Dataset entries
####
Lemma q_saalschutz (n : nat) :
  \sum_(i < n.+1) q ^+ (i * i + c * i) * P (l + m + n + c - i) * I i
     * I (c%:Z + i%:Z) * I (l%:Z - i%:Z) * I (m%:Z - i%:Z) * I (n%:Z - i%:Z)
  = P (l + m + c) * P (l + n + c) * P (m + n + c)
    * I l * I m * I n * I (l + c)%N * I (m + c)%N * I (n + c)%N.
Proof.
change (\sum_(i < n.+1) saal_term n i = P (l + m + c) * P (l + n + c) * P (m + n + c)
  * I l * I m * I n * I (l + c)%N * I (m + c)%N * I (n + c)%N).
have K := qpinvK q_nonroot.
elim: n => [|n IH].
  rewrite big_ord1 /saal_term (_ : (@ord0 0 : nat) = 0%N) //.
  rewrite !muln0 !addn0 !subn0 expr0 !subr0 !add0n !qpinv0.
  transitivity (P (l + m + c) * I c * I l * I m
    * ((I (l + c)%N * P (l + c)) * (I (m + c)%N * P (m + c)))); last ring.
  by rewrite !K; ring.
have coef_neq0 : (1 - q ^+ n.+1) * (1 - q ^+ (n.+1 + c)) != 0.
  by rewrite mulf_neq0 // ?addSn onem_qX_neq0.
apply: (mulfI coef_neq0); rewrite saal_sum_rec IH (qpinvS q_nonroot n) (qpinvS q_nonroot (n + c)).
by rewrite !addnS !addSn !qpochS; ring.
Qed.

End QSaalschutz.

Section Bailey.
Variables (F : fieldType) (q : F).
Hypothesis q_neq0 : q != 0.
Hypothesis q_nonroot : forall n, q ^+ n.+1 != 1.
Notation I := (qpinv q).
Notation P := (qpoch q).
Variable e : nat.
Hypothesis e_le1 : (e <= 1)%N.
Notation D := (kern q e).

Lemma kern_reflect_ind (G : int -> Prop) :
  (forall kk : nat, G kk) -> (forall k, G (- k - e%:Z) -> G k) -> forall k, G k.
Proof.
move=> G_nat G_refl k; case: (lerP 0 k) => [k_ge0 | k_lt0].
  by rewrite -[k]gez0_abs.
by apply: G_refl; rewrite (_ : - k - e%:Z = absz (- k - e%:Z)); [exact: G_nat | lia].
Qed.

Lemma kern_vandermonde_nat (u n kk : nat) :
  \sum_(i < u.+1) q ^ ((n%:Z - i%:Z) * (u%:Z - i%:Z)) * I (u%:Z - i%:Z) * I (n%:Z - i%:Z) * D i kk
  = D u kk * D n kk * P (u + n + e).
Proof.
case: (ltnP u kk) => [lt_u_kk | le_kk_u].
  rewrite [D u _]kern_lt ?mul0r; last by lia.
  by rewrite big1 // => i _; rewrite kern_lt ?mulr0 //; have := ltn_ord i; lia.
case: (ltnP n kk) => [lt_n_kk | le_kk_n].
  rewrite [D n _]kern_lt ?mulr0 ?mul0r; last by lia.
  rewrite big1 // => i _; case: (ltnP i kk) => [lt_i_kk | le_kk_i].
    by rewrite kern_lt ?mulr0 //; lia.
  by rewrite [I (n%:Z - _)]qpinv_lt0 ?mulr0 ?mul0r //; lia.
pose g (i : nat) := q ^ ((n%:Z - i%:Z) * (u%:Z - i%:Z))
  * I (u%:Z - i%:Z) * I (n%:Z - i%:Z) * D i kk.
rewrite (@sumr_ord_offset _ u.+1 kk g) => [||i lt_i_kk]; first last.
- by rewrite /g kern_lt ?mulr0 //; lia.
- lia.
transitivity (\sum_(t < (u - kk).+1) q ^ (((n - kk)%N%:Z - t%:Z) * ((u - kk)%N%:Z - t%:Z))
  * I ((u - kk)%N%:Z - t%:Z) * I ((n - kk)%N%:Z - t%:Z) * I t * I ((kk + kk + e)%N%:Z + t%:Z)).
  rewrite subSn //; apply: eq_bigr => t _; rewrite /g /kern -!mulrA.
  by congr (q ^ _ * (I _ * (I _ * (I _ * I _)))); nia.
rewrite q_chu_vandermonde // (_ : (u - kk + (n - kk) + (kk + kk + e) = u + n + e)%N); last by lia.
by rewrite /kern !mulrA; congr (I _ * I _ * I _ * I _ * _); lia.
Qed.

Lemma kern_vandermonde (u n : nat) (k : int) :
  \sum_(i < u.+1) q ^ ((n%:Z - i%:Z) * (u%:Z - i%:Z)) * I (u%:Z - i%:Z) * I (n%:Z - i%:Z) * D i k
  = D u k * D n k * P (u + n + e).
Proof.
elim/kern_reflect_ind: k => [kk | k IH]; first exact: kern_vandermonde_nat.
by under eq_bigr => i _ do rewrite (kern_sym q e i k); rewrite !(kern_sym q e _ k).
Qed.

Definition bailey_beta (l m n j : nat) := q ^+ (j * j + e * j) * P (l + m + n + e - j)
  * I (l%:Z - j%:Z) * I (m%:Z - j%:Z) * I (n%:Z - j%:Z).

Lemma bailey_beta_kern_shift (l m n kk t : nat) : (kk <= l)%N -> (kk <= m)%N -> (kk <= n)%N ->
  let c := (kk + kk + e)%N in
  bailey_beta l m n (kk + t) * D (kk + t)%N kk
  = q ^+ (kk * (kk + e)) * (q ^+ (t * t + c * t)
      * P ((l - kk) + (m - kk) + (n - kk) + c - t)%N * I t * I (c%:Z + t%:Z)
      * I ((l - kk)%N%:Z - t%:Z) * I ((m - kk)%N%:Z - t%:Z) * I ((n - kk)%N%:Z - t%:Z)).
Proof.
move=> le_kk_l le_kk_m le_kk_n c; rewrite /bailey_beta /kern.
rewrite (_ : (kk + t) * (kk + t) + e * (kk + t) = kk * (kk + e) + (t * t + c * t))%N; last first.
  by rewrite /c; nia.
transitivity (q ^+ (kk * (kk + e)) * q ^+ (t * t + c * t)
  * P ((l - kk) + (m - kk) + (n - kk) + c - t)%N * I ((l - kk)%N%:Z - t%:Z)
  * I ((m - kk)%N%:Z - t%:Z) * I ((n - kk)%N%:Z - t%:Z) * (I t * I (c%:Z + t%:Z))); last ring.
by rewrite exprD; congr (_ * _ * P _ * I _ * I _ * I _ * (I _ * I _)); rewrite /c; lia.
Qed.

Lemma kern_saalschutz_nat (l m n kk : nat) :
  \sum_(j < n.+1) bailey_beta l m n j * D j kk
  = q ^+ (kk * (kk + e)) * P (l + m + e) * P (l + n + e) * P (m + n + e)
    * D l kk * D m kk * D n kk.
Proof.
have [small | ] := boolP [|| (l < kk)%N, (m < kk)%N | (n < kk)%N].
  rewrite big1 => [|j _].
    by case/or3P: small => ?;
      [rewrite [D l _]kern_lt | rewrite [D m _]kern_lt | rewrite [D n _]kern_lt];
      rewrite ?mulr0 ?mul0r //; lia.
  case: (ltnP j kk) => [lt_j_kk | le_kk_j]; first by rewrite kern_lt ?mulr0 //; lia.
  rewrite /bailey_beta; case/or3P: small => ?.
  - by rewrite [I (l%:Z - _)]qpinv_lt0 ?mulr0 ?mul0r //; lia.
  - by rewrite [I (m%:Z - _)]qpinv_lt0 ?mulr0 ?mul0r //; lia.
  - by have := ltn_ord j; lia.
rewrite !negb_or -!leqNgt => /and3P[le_kk_l le_kk_m le_kk_n].
pose g (j : nat) := bailey_beta l m n j * D j kk.
rewrite (@sumr_ord_offset _ n.+1 kk g) => [||j lt_j_kk]; first last.
- by rewrite /g kern_lt ?mulr0 //; lia.
- lia.
rewrite subSn //; under eq_bigr => t _ do rewrite /g bailey_beta_kern_shift //.
rewrite -mulr_sumr q_saalschutz // /kern; set c := (kk + kk + e)%N.
rewrite (_ : (l - kk + (m - kk) + c = l + m + e)%N); last by rewrite /c; lia.
rewrite (_ : (l - kk + (n - kk) + c = l + n + e)%N); last by rewrite /c; lia.
rewrite (_ : (m - kk + (n - kk) + c = m + n + e)%N); last by rewrite /c; lia.
transitivity (q ^+ (kk * (kk + e)) * P (l + m + e) * P (l + n + e) * P (m + n + e)
  * I (l - kk)%N * I (l - kk + c)%N * I (m - kk)%N * I (m - kk + c)%N
  * I (n - kk)%N * I (n - kk + c)%N); first ring.
by rewrite !mulrA; congr (_ * _ * _ * _ * I _ * I _ * I _ * I _ * I _ * I _); rewrite /c; lia.
Qed.

Lemma kern_saalschutz (l m n : nat) (k : int) :
  \sum_(j < n.+1) bailey_beta l m n j * D j k
  = q ^ (k * (k + e%:Z)) * P (l + m + e) * P (l + n + e) * P (m + n + e)
    * D l k * D m k * D n k.
Proof.
elim/kern_reflect_ind: k => [kk | k IH].
  by rewrite kern_saalschutz_nat -PoszD -PoszM.
under eq_bigr => j _ do rewrite (kern_sym q e j k).
rewrite IH !(kern_sym q e _ k); congr (q ^ _ * _ * _ * _ * _ * _ * _); ring.
Qed.

Lemma kern_inversion N (u j : nat) : (2 * u + e < N)%N ->
  P u * sumZ N (fun k => tri_weight q k * D u k * D j k) = q ^+ (j * u) * I j * I (u + j + e)%N.
Proof.
move=> uN.
pose c (i : nat) := q ^ ((j%:Z - i%:Z) * (u%:Z - i%:Z)) * I (u%:Z - i%:Z) * I (j%:Z - i%:Z).
have expand k : D u k * D j k = I (u + j + e)%N * \sum_(i < u.+1) c i * D i k.
  by rewrite kern_vandermonde [RHS]mulrCA qpinvK // mulr1.
have orth (i : 'I_u.+1) : sumZ N (fun k => tri_weight q k * D i k) = (i == 0%N :> nat)%:R.
  by apply: sumZ_tri_weight_kern => //; have := ltn_ord i; lia.
transitivity (P u * I (u + j + e)%N
  * \sum_(i < u.+1) c i * sumZ N (fun k => tri_weight q k * D i k)).
  rewrite -mulrA /sumZ; congr (_ * _).
  under eq_bigr => k _ do rewrite -mulrA expand mulrCA mulr_sumr.
  rewrite -mulr_sumr exchange_big; congr (_ * _); apply: eq_bigr => i _.
  by rewrite mulr_sumr; apply: eq_bigr => k _; ring.
rewrite big_ord_recl big1 => [|i _]; last by rewrite orth mulr0.
rewrite orth addr0 mulr1 /c (_ : (@ord0 u : nat) = 0%N) // !subr0 -PoszM -exprnP.
by rewrite -[RHS]mulr1 -(qpinvK q_nonroot u); ring.
Qed.

Lemma bailey_transform N (l m n u : nat) : (2 * u + e < N)%N ->
  \sum_(j < n.+1) bailey_beta l m n j * (q ^+ (j * u) * I j * I (u + j + e)%N)
  = P u * P (l + m + e) * P (l + n + e) * P (m + n + e) * sumZ N (fun k =>
      tri_weight q k * q ^ (k * (k + e%:Z)) * D u k * D l k * D m k * D n k).
Proof.
move=> uN.
transitivity (\sum_(j < n.+1) \sum_(i < (2 * N).+1) P u * tri_weight q (i%:Z - N%:Z)
  * D u (i%:Z - N%:Z) * (bailey_beta l m n j * D j (i%:Z - N%:Z))).
  apply: eq_bigr => j _; rewrite -(kern_inversion j uN) /sumZ !mulr_sumr.
  by apply: eq_bigr => i _; ring.
rewrite exchange_big /sumZ mulr_sumr; apply: eq_bigr => i _.
by rewrite -mulr_sumr kern_saalschutz; ring.
Qed.

End Bailey.

Section Identities.
Variables (F : fieldType) (q : F).
Hypothesis q_neq0 : q != 0.
Hypothesis q_nonroot : forall n, q ^+ n.+1 != 1.
Notation I := (qpinv q).

Lemma tri_weight_pentagonal (k : int) :
  tri_weight q k * q ^ (k * (k + 0%:Z)) = (-1) ^ k * q ^ ((3 * k ^+ 2 - k) %/ 2)%Z.
Proof.
rewrite /tri_weight -mulrA -expfzDr // (_ : 3 * k ^+ 2 - k = k * (k + 0%:Z) * 2 + k * (k - 1)).
  by rewrite divzMDl // addrC.
by ring.
Qed.

Lemma tri_weight_pentagonal_shift (k : int) :
  tri_weight q k * q ^ (k * (k + 1%:Z)) = (-1) ^ k * q ^ ((3 * k ^+ 2 + k) %/ 2)%Z.
Proof.
rewrite /tri_weight -mulrA -expfzDr // (_ : 3 * k ^+ 2 + k = k * (k + 1%:Z) * 2 + k * (k - 1)).
  by rewrite divzMDl // addrC.
by ring.
Qed.

Variables l m n u : nat.

Lemma bailey_identity_a1 :
  \sum_(k < n.+1)
     q ^+ (k ^ 2 + u * k)%N * qpoch q (l + m + n - k)%N
       * qpinv q k%:Z * qpinv q (l%:Z - k%:Z) * qpinv q (m%:Z - k%:Z)
       * qpinv q (n%:Z - k%:Z) * qpinv q (u%:Z + k%:Z)
   =
   \sum_(j < (2 * n).+1)
     (let k : int := j%:Z - n%:Z in
      (-1) ^ k * q ^ ((3 * k ^+ 2 - k) %/ 2)%Z
        * qpoch q (l + m) * qpoch q (m + n) * qpoch q (l + n) * qpoch q u
        * qpinv q (l%:Z - k) * qpinv q (m%:Z - k) * qpinv q (n%:Z - k)
        * qpinv q (u%:Z - k) * qpinv q (l%:Z + k) * qpinv q (m%:Z + k)
        * qpinv q (n%:Z + k) * qpinv q (u%:Z + k)).
Proof.
transitivity (\sum_(j < n.+1) bailey_beta q 0 l m n j * (q ^+ (j * u) * I j * I (u + j + 0)%N)).
  apply: eq_bigr => j _; rewrite /bailey_beta.
  rewrite (_ : (j ^ 2 + u * j = j * j + 0 * j + j * u)%N); last by ring.
  by rewrite exprD !addn0 (_ : u%:Z + j%:Z = (u + j)%N) //; ring.
rewrite (@bailey_transform _ _ q_neq0 q_nonroot _ _ (n + (2 * u + 2))) //; last by lia.
rewrite (@sumZ_window _ _ (- n%:Z) (2 * n).+1); [|lia|lia|]; last first.
  move=> k nz; have /kern_neq0 : kern q 0 n k != 0 by apply: contraNneq nz => ->; rewrite mulr0.
  lia.
rewrite mulr_sumr; apply: eq_bigr => j _ /=; rewrite [- _ + _]addrC.
by rewrite -tri_weight_pentagonal /kern !addr0 !addn0; ring.
Qed.

Lemma bailey_identity_aq :
  \sum_(k < n.+1)
     q ^+ (k ^ 2 + u.+1 * k)%N * qpoch q (l + m + n - k).+1
       * qpinv q k%:Z * qpinv q (l%:Z - k%:Z) * qpinv q (m%:Z - k%:Z)
       * qpinv q (n%:Z - k%:Z) * qpinv q (u%:Z + k%:Z + 1)
   =
   \sum_(j < (2 * n).+2)
     (let k : int := j%:Z - (n%:Z + 1) in
      (-1) ^ k * q ^ ((3 * k ^+ 2 + k) %/ 2)%Z
        * qpoch q (l + m).+1 * qpoch q (m + n).+1 * qpoch q (l + n).+1
        * qpoch q u
        * qpinv q (l%:Z - k) * qpinv q (m%:Z - k) * qpinv q (n%:Z - k)
        * qpinv q (u%:Z - k) * qpinv q (l%:Z + k + 1) * qpinv q (m%:Z + k + 1)
        * qpinv q (n%:Z + k + 1) * qpinv q (u%:Z + k + 1)).
Proof.
transitivity (\sum_(j < n.+1) bailey_beta q 1 l m n j * (q ^+ (j * u) * I j * I (u + j + 1)%N)).
  apply: eq_bigr => j _; rewrite /bailey_beta.
  rewrite (_ : (j ^ 2 + u.+1 * j = j * j + 1 * j + j * u)%N); last by ring.
  rewrite (_ : (l + m + n + 1 - j = (l + m + n - j).+1)%N); last by have := ltn_ord j; lia.
  by rewrite exprD (_ : u%:Z + j%:Z + 1 = (u + j + 1)%N) //; ring.
rewrite (@bailey_transform _ _ q_neq0 q_nonroot _ _ (n.+1 + (2 * u + 2))) //; last by lia.
rewrite (@sumZ_window _ _ (- (n%:Z + 1)) (2 * n).+2); [|lia|lia|]; last first.
  move=> k nz; have /kern_neq0 : kern q 1 n k != 0 by apply: contraNneq nz => ->; rewrite mulr0.
  lia.
rewrite mulr_sumr; apply: eq_bigr => j _ /=; rewrite [- _ + _]addrC.
by rewrite -tri_weight_pentagonal_shift /kern !addn1; ring.
Qed.

End Identities.

Unset Implicit Arguments.
Theorem corollary5p5 (R : realType) (q : R[i]) (l m n u : nat)
  (hq0 : 0 < `|q|) (hq1 : `|q| < 1) :
  (\sum_(k < n.+1)
     q ^+ (k ^ 2 + u * k)%N * qpoch q (l + m + n - k)%N
       * qpinv q k%:Z * qpinv q (l%:Z - k%:Z) * qpinv q (m%:Z - k%:Z)
       * qpinv q (n%:Z - k%:Z) * qpinv q (u%:Z + k%:Z)
   =
   \sum_(j < (2 * n).+1)
     (let k : int := j%:Z - n%:Z in
      (-1) ^ k * q ^ ((3 * k ^+ 2 - k) %/ 2)%Z
        * qpoch q (l + m) * qpoch q (m + n) * qpoch q (l + n) * qpoch q u
        * qpinv q (l%:Z - k) * qpinv q (m%:Z - k) * qpinv q (n%:Z - k)
        * qpinv q (u%:Z - k) * qpinv q (l%:Z + k) * qpinv q (m%:Z + k)
        * qpinv q (n%:Z + k) * qpinv q (u%:Z + k)))
  /\
  (\sum_(k < n.+1)
     q ^+ (k ^ 2 + u.+1 * k)%N * qpoch q (l + m + n - k).+1
       * qpinv q k%:Z * qpinv q (l%:Z - k%:Z) * qpinv q (m%:Z - k%:Z)
       * qpinv q (n%:Z - k%:Z) * qpinv q (u%:Z + k%:Z + 1)
   =
   \sum_(j < (2 * n).+2)
     (let k : int := j%:Z - (n%:Z + 1) in
      (-1) ^ k * q ^ ((3 * k ^+ 2 + k) %/ 2)%Z
        * qpoch q (l + m).+1 * qpoch q (m + n).+1 * qpoch q (l + n).+1
        * qpoch q u
        * qpinv q (l%:Z - k) * qpinv q (m%:Z - k) * qpinv q (n%:Z - k)
        * qpinv q (u%:Z - k) * qpinv q (l%:Z + k + 1) * qpinv q (m%:Z + k + 1)
        * qpinv q (n%:Z + k + 1) * qpinv q (u%:Z + k + 1))).
Proof.
have q_neq0 : q != 0 by rewrite -normr_gt0.
have q_nonroot i : q ^+ i.+1 != 1 by exact: normr_lt1_nonroot.
by split; [exact: bailey_identity_a1 | exact: bailey_identity_aq].
Qed.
####
* EXERCISE OBJECTIVE
Go through the entries above and copy every line containing "Notation".

* THE ANSWER
Notation I := (qpinv q).
Notation P := (qpoch q).
Notation D := (kern q e).
Notation I := (qpinv q).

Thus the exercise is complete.